Built-in feature importance
Code example:
xgb = XGBRegressor(n_estimators=100)
xgb.fit(X_train, y_train)
sorted_idx = xgb.feature_importances_.argsort()
plt.barh(boston.feature_names[sorted_idx], xgb.feature_importances_[sorted_idx])
plt.xlabel("Xgboost Feature Importance")
Please be aware of what type of feature importance you are using. There are several types of importance, see the docs. The scikit-learn
like API of Xgboost is returning gain
importance while get_fscore
returns weight
type.
Permutation based importance
perm_importance = permutation_importance(xgb, X_test, y_test)
sorted_idx = perm_importance.importances_mean.argsort()
plt.barh(boston.feature_names[sorted_idx], perm_importance.importances_mean[sorted_idx])

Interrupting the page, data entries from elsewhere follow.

Set Implicit Arguments.
Unset Strict Implicit.
Unset Printing Implicit Defensive.

(* Write z_b(t) = e^{-mu t} b / mu for the environment at age t and
   S_b(a) = \int_0^a g(z_b(t)) dt for the growth up to age a.  The substitution
   x = xm + S_b(a), with dx = g(z_b(a)) da and b e^{-mu a} = mu z_b(a), gives
     F(b) = \int_xm^oo beta(x) w(Z_b(x - xm)) dx,      w(z) = mu z / g(z),
   where Z_b(y) = z_b(S_b^{-1}(y)) is the environment met when the growth
   reaches y (z_b = env b, S_b = inner_size mu g b,
   Z_b = env_at_size b, w = env_weight).  For b1 < b2 the environment under b2
   is the one under b1 delayed by s = ln(b2/b1)/mu, hence
   S_b2(a + s) = S_b2(s) + S_b1(a): the growth y is reached under b2 at an age
   a2 < S_b1^{-1}(y) + s, so Z_b1(y) < Z_b2(y).  Since g decreases, w is
   strictly increasing, and F(b2) - F(b1) = \int beta (w o Z_b2 - w o Z_b1) > 0
   because beta > 0 almost everywhere on a half-line; F(b1) is finite since
   beta grows at most linearly. *)

Lemma lipschitz_continuous (R : realFieldType) (V W : normedModType R)
    (f : V -> W) (k : R) :
  (forall x y, `|f x - f y| <= k * `|x - y|) -> continuous f.
Proof.
move=> f_lip x; apply/cvgrPdist_lt => e e_gt0.
have k1_gt0 : 0 < `|k| + 1 by rewrite ltr_wpDl.
near=> y; apply: (le_lt_trans (f_lip x y)).
apply: (@le_lt_trans _ _ ((`|k| + 1) * `|x - y|)).
  by rewrite ler_wpM2r // (le_trans (ler_norm k)) // lerDl.
rewrite mulrC -ltr_pdivlMr //; near: y.
by apply: (@cvgr_dist_lt _ _ _ (nbhs x) _ id) => //; rewrite divr_gt0.
Unshelve. all: by end_near. Qed.

Lemma ler_dist_max (R : realDomainType) (x y c : R) :
  `|Num.max x c - Num.max y c| <= `|x - y|.
Proof.
case: (leP x c) => xc; case: (leP y c) => yc.
- by rewrite subrr normr0.
- by rewrite !ler0_norm ?subr_le0; lra.
- by rewrite !ger0_norm ?subr_ge0; lra.
- exact: lexx.
Qed.

Lemma mulr_expRN_le (R : realType) (k a : R) :
  0 < k -> a * expR (- (k * a)) <= k^-1.
Proof.
move=> k_gt0; rewrite -(ler_pM2l k_gt0) mulfV ?gt_eqF // mulrA.
rewrite -(expRxMexpNx_1 (k * a)) ler_wpM2r ?expR_ge0 //.
by have := expR_ge1Dx (k * a); lra.
Qed.

Lemma continuous_EFin_measurable (R : realType) (D : set R) (f : R -> R) :
  continuous f -> measurable_fun D (EFin \o f).
Proof.
move=> f_cont; apply/measurable_EFinP; apply: measurable_funTS.
exact: continuous_measurable_fun.
Qed.

Lemma continuous_integrable (R : realType) (A : set R) (f : R -> R) :
  continuous f -> compact A -> lebesgue_measure.-integrable A (EFin \o f).
Proof.
move=> f_cont A_compact; apply: continuous_compact_integrable => //.
exact: continuous_subspaceT.
Qed.

Lemma Rintegral_cst_itv_oc (R : realType) (c a1 a2 : R) : a1 <= a2 ->
  \int[lebesgue_measure]_(t in `]a1, a2]) c = c * (a2 - a1).
Proof.
move=> a12; rewrite Rintegral_cst //.
have := lebesgue_measure_itv `]a1, a2]; rewrite /= => ->; rewrite lte_fin.
case: ltP => [_|a21]; first by rewrite -EFinB.
have -> : a2 = a1 by apply/le_anti/andP.
by rewrite subrr mulr0.
Qed.
(* Let $q>2$ be a prime power. In $\mathrm{PG}(2,q^2)$ there exists a semioval $\mathcal{S}\subset\mathcal{H}_q$ of size $k$ for every integer $k$ satisfying $q^3+1\geq k\geq\frac{q^3+2q^2-q+2}{2}$ if $q$ is odd, and $q^3+1\geq k\geq\frac{q^3+3q^2-2q+2}{2}$ if $q$ is even.
   Context: $\mathrm{PG}(2,q^2)$ is the Desarguesian projective plane over $\mathbb{F}_{q^2}$. $\mathcal{H}_q$ denotes the Hermitian curve, the set of points of $\mathrm{PG}(2,q^2)$ satisfying $X_2X_0^q+X_2^qX_0+X_1^{q+1}=0$ (it has $q^3+1$ points). A semioval is a non-empty pointset $\mathcal{S}$ such that for every $P\in\mathcal{S}$ there is a unique line $t_P$ with $\mathcal{S}\cap t_P=\{P\}$. *)

From HB Require Import structures.
From mathcomp Require Import all_boot all_order all_algebra.
Set Implicit Arguments. Unset Strict Implicit. Unset Printing Implicit Defensive.
Import GRing.Theory.
Local Open Scope ring_scope.

Definition prime_power (q : nat) : Prop :=
  exists p n : nat, prime p /\ (0 < n)%N /\ q = (p ^ n)%N.

Section PG2.
Variable F : finFieldType.

(* Normalized homogeneous coordinates: first nonzero coordinate equals 1.
   This picks a unique representative of each point of PG(2,F). *)
Definition pnorm (v : F * F * F) : bool :=
  let: (a, b, c) := v in
  if a != 0 then a == 1 else if b != 0 then b == 1 else c == 1.
Lemma ThetaFMB_extends psi : ThetaFMB F psi ->
  exists phi, mfun F phi /\ forall x, FMB F x -> psi x = phi x.
Proof.
  intros [s [Hs Hpsi]]; eexists; split; [|exact Hpsi].
  apply (mfun_sum HF); intros p Hp; destruct (Hs p Hp); auto using MB_compact.
Qed.

Lemma ThetaFMB_mb_functional c phi : mfun F phi ->
  ThetaFMB F (fun x => rmul (r := KB E) (mb E c) (phi x)).
Proof.
  intros Hphi; exists [(mb E c, phi)]; split.
  - intros p [<- | []]; split; [exists c |]; auto.
  - intros x _; symmetry; apply (add0r HKa).
Qed.

Lemma ThetaFMB_zero : ThetaFMB F (fun _ => rzero (KB E)).
Proof. exists []; split; [intros p [] | reflexivity]. Qed.

Lemma ThetaFMB_add psi1 psi2 : ThetaFMB F psi1 -> ThetaFMB F psi2 ->
  ThetaFMB F (fun x => radd (psi1 x) (psi2 x)).
Proof.
  intros [s1 [Hs1 H1]] [s2 [Hs2 H2]]; exists (s1 ++ s2); split.
  - intros p Hp; apply in_app_or in Hp; destruct Hp; auto.
  - intros x Hx; rewrite H1, H2 by exact Hx; unfold rsum; rewrite map_app, (sum_app HKa);
    reflexivity.
Qed.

plt.xlabel("Permutation Importance")
This is my preferred way to compute the importance. However, it can fail in case highly colinear features, so be careful! It's using permutation_importance
from scikit-learn
.
SHAP based importance
explainer = shap.TreeExplainer(xgb)
shap_values = explainer.shap_values(X_test)
shap.summary_plot(shap_values, X_test, plot_type="bar")
To use the above code, you need to have shap
package installed.
I was running the example analysis on Boston data (house price regression from scikit-learn). Below 3 feature importance:
Built-in importance
Permutation based importance
SHAP importance
All plots are for the same model! As you see, there is a difference in the results. I prefer permutation-based importance because I have a clear picture of which feature impacts the performance of the model (if there is no high collinearity).
Solution 10 - Python
In case you are using XGBRegressor, try with: model.get_booster().get_score()
.
That returns the results that you can directly visualize through plot_importance
command
Solution 11 - Python
None of the above worked for me, this was the code I ended up with, to sort features by importance.
from collections import Counter
Counter({k: v for k, v in sorted(model.get_fscore().items(), key=lambda item: item[1], reverse = True)}).most_common
just replace model with the name of your model and everything will be there. Of course I'm doing the same thing twice, there's no need to order a dict before passing to counter, but I figure it wouldn't hurt to leave it there in case anyone hates Counters.